One thing that Maelstrom does that I don't think nextest does is to use Longest Processing Time First (LPT) scheduling (https://en.wikipedia.org/wiki/Longest-processing-time-first_...). When the runtimes of tests varies a lot within a project, using LPT can result in big wins and more predictable runtimes. Maelstrom itself actually has some pretty long-running integration tests, and once we added LPT, running Maelstrom tests on Maelstrom is usually faster than running them on nextest. But again, we're not talking about huge differences in single-machine cases.

I think cargo test is usually slower than both Maelstrom and nextest for the reasons described in the nextest documentation: cargo test doesn't always keep enough test threads running to keep the machine busy. However, if you have a lot of really small tests all in a single crate, then cargo test can and does outperform both Maelstrom and nextest. The clap project (https://github.com/clap-rs/clap)is a good example of this.

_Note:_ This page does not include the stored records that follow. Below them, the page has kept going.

(* Consider coordination games in which every player has strategy set $\{1,2\}$, with solution set $\mathrm{NE}$ (pure Nash equilibria). (1) If $G$ is a cycle on $n\ge4$ nodes, then $ST(\mathrm{NE})\setminus\mathrm{NE}\neq\emptyset$; moreover, if $n$ is even, there is $s\in ST(\mathrm{NE})\setminus\mathrm{NE}$ with $\mathrm{sw}(s)=|E|-|N|\,(=0)$. (2) If $G$ is the complete graph on $n$ nodes, then $ST(\mathrm{NE})\setminus\mathrm{NE}\neq\emptyset$ if and only if $n$ is even. (3) If $G$ is a forest with at least one edge, then $ST(\mathrm{NE})\setminus\mathrm{NE}\neq\emptyset$.
   Context: The coordination game on a finite simple undirected graph $G=(N,E)$: players are nodes, each chooses $s_i\in\{1,2\}$, and $u_i(s)$ is the number of neighbours $j$ of $i$ with $s_j=s_i$; $\mathrm{sw}(s)=\sum_iu_i(s)$. For a solution set $D$, a transition is a profile $t$ such that for each $i$ there is $d\in D$ with $t_i=d_i$. $\mathrm{BR}_i(s_{-i})$ is the set of best responses of $i$. A stable transition is a transition $s$ such that for every $i$ with $s_i\notin\mathrm{BR}_i(s_{-i})$ there is $j\neq i$ with $s_j\notin\mathrm{BR}_j(s_{-j})$ and some $\hat s_j\in\mathrm{BR}_j(s_{-j})$ with $s_i\in\mathrm{BR}_i(\hat s_j,s_{-\{i,j\}})$; $ST(D)$ denotes the set of stable transitions. *)

From mathcomp Require Import all_boot all_order all_algebra.
Set Implicit Arguments. Unset Strict Implicit. Unset Printing Implicit Defensive.

(* A strategy is a bool: true encodes strategy 1, false encodes strategy 2.
   A (pure) profile on a finite player set T is a function T -> bool. *)
Section Game.
Variables (T : finType) (e : rel T).

Definition upd (s : T -> bool) (i : T) (a : bool) : T -> bool :=
  fun j => if j == i then a else s j.

Definition util (s : T -> bool) (i : T) : nat :=
  #|[set j | e i j && (s j == s i)]|.

Definition sw (s : T -> bool) : nat := \sum_(i : T) util s i.

Definition nedges : nat := #|[set p : T * T | e p.1 p.2]| %/ 2.

Definition BR (s : T -> bool) (i : T) (a : bool) : Prop :=
  forall b : bool, util (upd s i b) i <= util (upd s i a) i.

Definition NE (s : T -> bool) : Prop := forall i, BR s i (s i).

Definition transition (D : (T -> bool) -> Prop) (t : T -> bool) : Prop :=
  forall i, exists d, D d /\ t i = d i.

Definition stable_transition (D : (T -> bool) -> Prop) (s : T -> bool) : Prop :=
  transition D s /\
  forall i, ~ BR s i (s i) ->
    exists j, j != i /\ ~ BR s j (s j) /\
      exists shat : bool, BR s j shat /\ BR (upd s j shat) i (s i).

End Game.

Definition simple_graph (T : finType) (e : rel T) : Prop :=
  symmetric e /\ irreflexive e.

Definition forest (T : finType) (e : rel T) : Prop :=
  simple_graph e /\
  forall p : seq T, uniq p -> 3 <= size p -> ~~ cycle e p.

Definition cycle_graph (n : nat) : rel 'I_n :=
  fun i j => (val j == (val i).+1 %% n) || (val i == (val j).+1 %% n).

Definition complete_graph (n : nat) : rel 'I_n := fun i j => i != j.

Arguments cycle_graph n : clear implicits.
Arguments complete_graph n : clear implicits.

From mathcomp Require Import all_boot all_order all_algebra.
From mathcomp Require Import zify.
Set Implicit Arguments. Unset Strict Implicit. Unset Printing Implicit Defensive.

(* The constant profiles are equilibria, so every profile is a transition of
   NE and only the rescue condition of a stable transition matters.  An
   unhappy neighbour j of i playing the other strategy best-responds by
   switching to s_i, and this makes s_i a best response for i as soon as i
   trails by at most two neighbours.  On a cycle the alternating profile makes
   every vertex away from the wrap-around edge unhappy, and every vertex has
   such a neighbour; on K_n with n even an equal split makes everybody unhappy.
   On K_n with n odd the unhappy players all play the strict minority
   strategy, so a rescuer agrees with i and its switch cannot help.  In a
   forest, take a leaf u with neighbour v, let v play 2 and let each component
   of the forest minus v play 1 exactly when it meets a set W of just over half
   of the neighbours of v, with u in W: then v and u rescue each other and v
   rescues every other unhappy vertex. *)

Lemma subset_of_card (T : finType) (A : {set T}) k :
  k <= #|A| -> exists2 B : {set T}, B \subset A & #|B| = k.
Proof.
case/card_geqP => s [s_uniq s_size sA]; exists [set x in s].
  by apply/subsetP => x; rewrite inE => /sA.
by rewrite cardsE -s_size; apply/card_uniqP.
Qed.

Lemma card_arcs (T : finType) (e : rel T) :
  #|[set p : T * T | e p.1 p.2]| = \sum_i #|[set j | e i j]|.
Proof.
transitivity (\sum_(i : T) \sum_(j | e i j) 1).
  by rewrite pair_big_dep -sum1_card; apply: eq_bigl => p; rewrite inE.
by apply: eq_bigr => i _; rewrite -sum1_card; apply: eq_bigl => j; rewrite inE.
Qed.

Section BestResponse.
Variables (T : finType) (e : rel T).
Hypothesis e_irr : irreflexive e.

Definition nbr_count (s : T -> bool) (i : T) (b : bool) : nat :=
  #|[set j | e i j && (s j == b)]|.

Lemma nbr_count0 s i b : (forall j, e i j -> s j != b) -> nbr_count s i b = 0.
Proof.
move=> sNb; apply/eqP; rewrite cards_eq0; apply/eqP/setP => j; rewrite !inE.
by apply/negP => /andP[/sNb/negPf->].
Qed.
(* Let $\mathcal C$ be a category of noncrossing $\{x,y\}$-coloured partitions ($x^{-1}=x$, $y^{-1}=y$) all of whose blocks have even size, and which contains a partition with a block of size at least four. If no block of any partition in $\mathcal C$ contains points of both colours, then $\mathcal C$ is a free product.
   Context: Colour sets and partitions: a colour set is a set $\mathcal A$ with an involution $a\mapsto a^{-1}$. For words $w,w'$ on $\mathcal A$, an element of $P^{\mathcal A}(w,w')$ is a partition of $|w|+|w'|$ points drawn as an upper row coloured (left to right) by $w$ and a lower row coloured by $w'$; its subsets are blocks. It is noncrossing if there are no four points $k_1<k_2<k_3<k_4$ (ordering: upper row left to right, then lower row right to left) with $k_1,k_3$ in one block and $k_2,k_4$ in a different block. Category operations: tensor product, composition (erasing middle points and closed loops), adjoint (reflection), rotation (moving an extreme point to the other row and replacing its colour $a$ by $a^{-1}$). A category of noncrossing partitions is a family $\mathcal C(w,w')\subset NC^{\mathcal A}(w,w')$ stable under these operations and containing $\pi(a,a)$ for all $a$. For a category $\mathcal C$ on $\{x,y\}$, $\mathcal C_x$ (resp. $\mathcal C_y$) is the set of partitions in $\mathcal C$ all of whose points are coloured $x$ (resp. $y$); $\mathcal C$ is a free product if it equals the category generated by $\mathcal C_x\cup\mathcal C_y$. *)

From mathcomp Require Import all_boot.
Set Implicit Arguments. Unset Strict Implicit. Unset Printing Implicit Defensive.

I think Maelstrom does most of the performance things that nextest does. However, nextest obviously has a lot more features and integrations than Maelstrom.

geekodour · 2024-07-10T07:51:43 1720597903

at first i thought it was about https://github.com/jepsen-io/maelstrom/tree/main which shares the same name

electric_mayhem · 2024-07-09T23:21:21 1720567281

Came here for the 90s shareware game from Ambrosia for the Mac.

I guess this is cool too though.

esafak · 2024-07-10T03:29:05 1720582145

There was also a development company called Maelstrom Games, known for https://en.wikipedia.org/wiki/Midwinter_(video_game)